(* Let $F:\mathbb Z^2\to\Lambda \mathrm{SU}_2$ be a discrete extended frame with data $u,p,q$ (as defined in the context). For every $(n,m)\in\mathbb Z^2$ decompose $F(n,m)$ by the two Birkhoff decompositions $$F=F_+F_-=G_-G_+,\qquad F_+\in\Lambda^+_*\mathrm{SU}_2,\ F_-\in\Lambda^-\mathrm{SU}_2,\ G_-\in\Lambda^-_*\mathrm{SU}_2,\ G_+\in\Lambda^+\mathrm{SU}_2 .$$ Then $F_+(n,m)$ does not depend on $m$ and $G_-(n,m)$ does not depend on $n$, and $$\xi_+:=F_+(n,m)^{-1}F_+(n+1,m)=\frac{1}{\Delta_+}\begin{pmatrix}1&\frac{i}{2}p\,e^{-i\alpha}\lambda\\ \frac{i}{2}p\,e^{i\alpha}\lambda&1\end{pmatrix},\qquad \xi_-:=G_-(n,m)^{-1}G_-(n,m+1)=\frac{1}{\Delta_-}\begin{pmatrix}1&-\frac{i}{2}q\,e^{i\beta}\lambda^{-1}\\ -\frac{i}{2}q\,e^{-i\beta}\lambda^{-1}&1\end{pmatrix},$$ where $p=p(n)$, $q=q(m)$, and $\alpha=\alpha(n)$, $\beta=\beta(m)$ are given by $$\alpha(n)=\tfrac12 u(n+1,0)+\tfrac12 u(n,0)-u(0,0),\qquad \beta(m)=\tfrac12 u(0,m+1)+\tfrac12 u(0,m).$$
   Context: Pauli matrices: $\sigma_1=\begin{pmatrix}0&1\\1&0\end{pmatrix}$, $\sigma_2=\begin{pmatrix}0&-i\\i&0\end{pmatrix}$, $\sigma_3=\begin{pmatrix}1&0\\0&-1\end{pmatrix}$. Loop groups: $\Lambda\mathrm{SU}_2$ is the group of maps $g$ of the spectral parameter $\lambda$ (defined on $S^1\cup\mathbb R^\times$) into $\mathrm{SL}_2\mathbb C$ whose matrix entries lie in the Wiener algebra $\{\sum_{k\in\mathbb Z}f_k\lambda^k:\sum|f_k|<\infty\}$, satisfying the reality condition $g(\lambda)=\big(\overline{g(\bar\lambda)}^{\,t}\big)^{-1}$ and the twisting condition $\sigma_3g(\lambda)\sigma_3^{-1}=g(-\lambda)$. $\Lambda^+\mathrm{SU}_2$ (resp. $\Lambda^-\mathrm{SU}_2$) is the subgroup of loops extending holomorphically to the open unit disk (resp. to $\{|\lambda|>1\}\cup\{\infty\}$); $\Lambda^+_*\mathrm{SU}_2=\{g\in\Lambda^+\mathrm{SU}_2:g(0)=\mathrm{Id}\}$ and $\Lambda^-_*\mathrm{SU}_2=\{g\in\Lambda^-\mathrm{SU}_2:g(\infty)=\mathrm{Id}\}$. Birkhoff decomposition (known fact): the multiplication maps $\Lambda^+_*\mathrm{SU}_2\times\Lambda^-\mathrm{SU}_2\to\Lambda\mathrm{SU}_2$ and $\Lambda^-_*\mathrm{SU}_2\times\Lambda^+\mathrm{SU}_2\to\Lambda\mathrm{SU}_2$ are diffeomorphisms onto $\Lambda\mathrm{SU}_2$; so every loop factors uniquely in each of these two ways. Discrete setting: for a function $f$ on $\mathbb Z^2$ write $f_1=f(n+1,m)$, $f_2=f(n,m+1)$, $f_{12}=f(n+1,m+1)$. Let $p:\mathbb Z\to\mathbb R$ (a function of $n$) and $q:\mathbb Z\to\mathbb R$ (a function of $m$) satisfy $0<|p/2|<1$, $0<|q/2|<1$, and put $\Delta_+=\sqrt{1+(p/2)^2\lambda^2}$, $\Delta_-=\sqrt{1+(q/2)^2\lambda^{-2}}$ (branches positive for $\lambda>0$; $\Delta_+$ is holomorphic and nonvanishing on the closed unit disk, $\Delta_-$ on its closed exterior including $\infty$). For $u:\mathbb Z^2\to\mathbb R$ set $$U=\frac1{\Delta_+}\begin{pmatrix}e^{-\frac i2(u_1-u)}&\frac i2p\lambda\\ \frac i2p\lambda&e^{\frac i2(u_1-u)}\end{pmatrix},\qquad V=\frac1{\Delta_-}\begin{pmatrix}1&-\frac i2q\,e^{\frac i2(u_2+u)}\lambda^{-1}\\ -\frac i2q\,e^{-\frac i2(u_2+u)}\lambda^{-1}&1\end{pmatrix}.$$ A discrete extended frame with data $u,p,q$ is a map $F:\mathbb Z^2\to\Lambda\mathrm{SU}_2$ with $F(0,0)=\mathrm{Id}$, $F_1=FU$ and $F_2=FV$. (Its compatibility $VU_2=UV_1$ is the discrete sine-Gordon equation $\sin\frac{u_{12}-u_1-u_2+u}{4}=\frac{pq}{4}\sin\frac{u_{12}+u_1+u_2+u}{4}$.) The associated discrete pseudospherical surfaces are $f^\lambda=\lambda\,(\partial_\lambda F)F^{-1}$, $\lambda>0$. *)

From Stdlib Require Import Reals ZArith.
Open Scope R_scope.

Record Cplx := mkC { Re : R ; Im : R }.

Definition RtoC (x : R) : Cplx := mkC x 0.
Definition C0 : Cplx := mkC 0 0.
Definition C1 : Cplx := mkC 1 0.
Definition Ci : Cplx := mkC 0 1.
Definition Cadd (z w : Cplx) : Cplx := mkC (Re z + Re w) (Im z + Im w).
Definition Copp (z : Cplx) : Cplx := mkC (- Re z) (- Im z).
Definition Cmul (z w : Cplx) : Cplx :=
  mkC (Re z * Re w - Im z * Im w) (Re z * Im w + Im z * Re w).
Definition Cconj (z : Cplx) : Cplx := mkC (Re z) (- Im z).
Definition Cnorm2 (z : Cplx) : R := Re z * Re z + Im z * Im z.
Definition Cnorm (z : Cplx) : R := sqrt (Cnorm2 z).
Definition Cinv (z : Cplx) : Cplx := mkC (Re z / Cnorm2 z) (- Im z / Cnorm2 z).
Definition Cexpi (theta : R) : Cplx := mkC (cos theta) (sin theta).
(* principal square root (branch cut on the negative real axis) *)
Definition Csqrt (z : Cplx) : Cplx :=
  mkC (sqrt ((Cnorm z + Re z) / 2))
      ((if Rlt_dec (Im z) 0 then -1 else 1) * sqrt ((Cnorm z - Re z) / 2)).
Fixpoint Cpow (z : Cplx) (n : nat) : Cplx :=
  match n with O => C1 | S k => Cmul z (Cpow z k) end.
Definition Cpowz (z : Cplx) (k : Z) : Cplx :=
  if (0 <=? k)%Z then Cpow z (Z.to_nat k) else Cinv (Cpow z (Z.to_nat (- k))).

□ □ □ □ □

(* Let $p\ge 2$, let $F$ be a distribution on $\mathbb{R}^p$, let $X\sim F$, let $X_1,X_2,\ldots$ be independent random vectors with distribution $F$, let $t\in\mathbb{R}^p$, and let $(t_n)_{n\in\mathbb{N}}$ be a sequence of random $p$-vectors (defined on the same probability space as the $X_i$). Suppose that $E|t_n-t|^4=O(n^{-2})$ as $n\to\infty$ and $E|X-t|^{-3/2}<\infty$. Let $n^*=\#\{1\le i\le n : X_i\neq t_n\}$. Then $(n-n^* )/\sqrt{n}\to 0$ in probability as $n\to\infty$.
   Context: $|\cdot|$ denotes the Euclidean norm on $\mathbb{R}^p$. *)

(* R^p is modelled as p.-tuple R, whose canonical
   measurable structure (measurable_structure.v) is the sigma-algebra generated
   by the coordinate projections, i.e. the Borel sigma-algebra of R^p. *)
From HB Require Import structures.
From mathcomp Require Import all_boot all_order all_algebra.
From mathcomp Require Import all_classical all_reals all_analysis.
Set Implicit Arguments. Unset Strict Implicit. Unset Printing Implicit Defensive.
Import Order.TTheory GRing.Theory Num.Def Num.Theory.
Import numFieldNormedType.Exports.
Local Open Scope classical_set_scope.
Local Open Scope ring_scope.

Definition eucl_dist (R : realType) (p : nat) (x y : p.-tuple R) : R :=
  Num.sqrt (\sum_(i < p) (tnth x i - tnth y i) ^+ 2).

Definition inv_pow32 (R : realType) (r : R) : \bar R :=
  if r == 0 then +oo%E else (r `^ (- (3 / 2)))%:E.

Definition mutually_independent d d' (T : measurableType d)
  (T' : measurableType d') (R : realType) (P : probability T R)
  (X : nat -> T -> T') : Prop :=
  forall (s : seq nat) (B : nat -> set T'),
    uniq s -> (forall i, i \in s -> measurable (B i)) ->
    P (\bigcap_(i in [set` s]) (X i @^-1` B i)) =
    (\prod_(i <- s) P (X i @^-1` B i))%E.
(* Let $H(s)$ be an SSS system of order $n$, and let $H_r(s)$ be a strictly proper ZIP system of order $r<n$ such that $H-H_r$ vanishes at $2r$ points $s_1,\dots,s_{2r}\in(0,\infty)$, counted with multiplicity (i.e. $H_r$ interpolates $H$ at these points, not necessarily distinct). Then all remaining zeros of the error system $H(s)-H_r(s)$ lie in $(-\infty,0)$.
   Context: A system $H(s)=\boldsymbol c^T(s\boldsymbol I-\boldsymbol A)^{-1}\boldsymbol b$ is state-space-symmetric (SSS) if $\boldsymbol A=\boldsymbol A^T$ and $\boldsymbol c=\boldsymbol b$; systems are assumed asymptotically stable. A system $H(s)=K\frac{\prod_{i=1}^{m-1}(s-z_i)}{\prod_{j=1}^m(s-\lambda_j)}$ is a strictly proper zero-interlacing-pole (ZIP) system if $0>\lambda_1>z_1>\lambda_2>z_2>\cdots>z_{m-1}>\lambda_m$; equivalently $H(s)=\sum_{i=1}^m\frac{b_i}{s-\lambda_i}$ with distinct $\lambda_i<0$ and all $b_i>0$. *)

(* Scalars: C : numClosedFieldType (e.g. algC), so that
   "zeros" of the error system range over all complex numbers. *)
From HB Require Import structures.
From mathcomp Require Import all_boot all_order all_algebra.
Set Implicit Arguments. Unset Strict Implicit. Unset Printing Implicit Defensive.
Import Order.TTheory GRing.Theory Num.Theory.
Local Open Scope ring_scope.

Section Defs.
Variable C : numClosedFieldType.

□ □ □ □ □

▸ What to work on
Among the lines above, which ones include the word "Import"? Copy them.

▸ Finished exercise
From Stdlib Require Import Reals ZArith.
From HB Require Import structures.
From mathcomp Require Import all_boot all_order all_algebra.
From mathcomp Require Import all_classical all_reals all_analysis.
Import Order.TTheory GRing.Theory Num.Def Num.Theory.
Import numFieldNormedType.Exports.
From HB Require Import structures.
From mathcomp Require Import all_boot all_order all_algebra.
Import Order.TTheory GRing.Theory Num.Theory.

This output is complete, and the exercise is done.